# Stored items

────────

(* Let $\varphi$ be a $\mathcal{COD}[\sigma]$-formula, let $\mathbf d=\langle[{=}(X_1),k_1],\dots,[{=}(X_n),k_n]\rangle$ be a sequence of occurrences of constancy atoms in $\varphi$, and let $F$ be the set of all instantiating functions over $\mathbf d$. Then $\varphi\equiv\bigsqcup_{f\in F}\varphi_f$ (both over causal teams, $\equiv^c$, and over generalized causal teams, $\equiv^g$).
   Context: A signature $\sigma=(\mathrm{Dom},\mathrm{Ran})$: $\mathrm{Dom}$ nonempty finite set of variables, each with nonempty finite range $\mathrm{Ran}(X)$; $\mathbf X=\mathbf x$ abbreviates $X_1=x_1\wedge\dots\wedge X_n=x_n$ ($\mathbf x\in\prod\mathrm{Ran}(X_i)$), inconsistent if it contains $X=x,X=x'$ with $x\ne x'$. $\mathcal{CO}[\sigma]$: $\alpha::=X=x\mid\neg\alpha\mid\alpha\wedge\alpha\mid\alpha\vee\alpha\mid\mathbf X=\mathbf x\;\Box\!\!\rightarrow\alpha$. $\mathcal{COD}[\sigma]$: $\varphi::=X=x\mid{=}(\mathbf X;Y)\mid\neg\alpha\mid\varphi\wedge\varphi\mid\varphi\vee\varphi\mid\mathbf X=\mathbf x\;\Box\!\!\rightarrow\varphi$ ($\alpha\in\mathcal{CO}[\sigma]$); ${=}(Y)$ denotes ${=}(\mathbf X;Y)$ with empty $\mathbf X$ (constancy atom). $\sqcup$ is the global disjunction: $T\models\varphi\sqcup\psi$ iff $T\models\varphi$ or $T\models\psi$. Systems of functions $\mathcal F$: for each $V\in\mathrm{En}(\mathcal F)\subseteq\mathrm{Dom}$ parents $PA^{\mathcal F}_V\subseteq\mathrm{Dom}\setminus\{V\}$ and $\mathcal F_V:\mathrm{Ran}(PA^{\mathcal F}_V)\to\mathrm{Ran}(V)$; $\mathrm{Ex}(\mathcal F)=\mathrm{Dom}\setminus\mathrm{En}(\mathcal F)$; only recursive (acyclic parent graph). An assignment $s$ is compatible with $\mathcal F$ if $s(V)=\mathcal F_V(s(PA^{\mathcal F}_V))$ for $V\in\mathrm{En}(\mathcal F)$. For consistent $\mathbf X=\mathbf x$: $\mathcal F_{\mathbf X=\mathbf x}$ restricts $\mathcal F$ to $\mathrm{En}(\mathcal F)\setminus\mathbf X$; $s^{\mathcal F}_{\mathbf X=\mathbf x}$: $X_i\mapsto x_i$, $V\mapsto s(V)$ on $\mathrm{Ex}(\mathcal F)\setminus\mathbf X$, $V\mapsto\mathcal F_V(s^{\mathcal F}_{\mathbf X=\mathbf x}(PA^{\mathcal F}_V))$ on $\mathrm{En}(\mathcal F)\setminus\mathbf X$. Causal team $T=(T^-,\mathcal F)$ ($T^-$ compatible assignments; empty team components identified as $\emptyset$); causal subteams $(S^-,\mathcal F)$, $S^-\subseteq T^-$; $T_{\mathbf X=\mathbf x}=(\{s^{\mathcal F}_{\mathbf X=\mathbf x}:s\in T^-\},\mathcal F_{\mathbf X=\mathbf x})$; $\models^c$: $T\models X=x$ iff $s(X)=x$ for all $s\in T^-$; $T\models{=}(\mathbf X;Y)$ iff for all $s,s'\in T^-$, $s(\mathbf X)=s'(\mathbf X)$ implies $s(Y)=s'(Y)$; $T\models\neg\alpha$ iff $(\{s\},\mathcal F)\not\models\alpha$ for all $s\in T^-$; $\wedge$ classical; $T\models\varphi\vee\psi$ iff causal subteams $T_1,T_2$ exist with $T_1^-\cup T_2^-=T^-$, $T_1\models\varphi$, $T_2\models\psi$; $T\models\mathbf X=\mathbf x\;\Box\!\!\rightarrow\varphi$ iff $\mathbf X=\mathbf x$ inconsistent or $T_{\mathbf X=\mathbf x}\models\varphi$. Generalized causal team: a set $T$ of compatible pairs $(s,\mathcal F)$; $T^-=\{s:(s,\mathcal F)\in T\}$; $T_{\mathbf X=\mathbf x}=\{(s^{\mathcal F}_{\mathbf X=\mathbf x},\mathcal F_{\mathbf X=\mathbf x}):(s,\mathcal F)\in T\}$; $\models^g$: same clauses except $T\models\neg\alpha$ iff $\{(s,\mathcal F)\}\not\models\alpha$ for all $(s,\mathcal F)\in T$, and $T\models\varphi\vee\psi$ iff $T=T_1\cup T_2$ with $T_1\models\varphi$, $T_2\models\psi$. $\equiv^c$ / $\equiv^g$: satisfied by the same causal / generalized causal teams. $[{=}(X_i),k_i]$ denotes the $k_i$-th occurrence of the subformula ${=}(X_i)$ in $\varphi$ (the listed occurrences are distinct). An instantiating function over $\mathbf d$ is a function $f:\{1,\dots,n\}\to\bigcup_i\mathrm{Ran}(X_i)$ with $f(i)\in\mathrm{Ran}(X_i)$ for each $i$; $\varphi_f$ is the formula obtained from $\varphi$ by replacing, for each $i$, the occurrence $[{=}(X_i),k_i]$ by $X_i=f(i)$. *)

From mathcomp Require Import all_boot.
Set Implicit Arguments.
Unset Strict Implicit.
Unset Printing Implicit Defensive.

Section CausalTeams.
(* A signature sigma = (Dom, Ran): a finite set of variables, each with a
   finite range. Nonemptiness is assumed as hypotheses in the theorem. *)
Context {Dom : finType} (Ran : Dom -> finType).

Definition assign := forall X : Dom, Ran X.

(* an atom X = x of an antecedent  X1 = x1 /\ ... /\ Xn = xn *)
Definition lit := {X : Dom & Ran X}.

(* Formulas.  CO and COD formulas are carved out by the predicates isCO /
   isCOD below.  FDep Xs Y is the dependence atom =(Xs;Y); the constancy atom
   =(Y) is FDep [::] Y. *)
Inductive form : Type :=
| FEq  : forall X : Dom, Ran X -> form
| FDep : seq Dom -> Dom -> form
| FNeg : form -> form
| FAnd : form -> form -> form
| FOr  : form -> form -> form
| FCf  : seq lit -> form -> form.

Fixpoint isCO (a : form) : Prop :=
  match a with
  | FEq _ _ => True
  | FDep _ _ => False
  | FNeg b => isCO b
  | FAnd b c | FOr b c => isCO b /\ isCO c
  | FCf _ b => isCO b
  end.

────────

# What you will do
Every line above with the word "Unset" is to be copied out.

# Output below
Unset Strict Implicit.
Unset Printing Implicit Defensive.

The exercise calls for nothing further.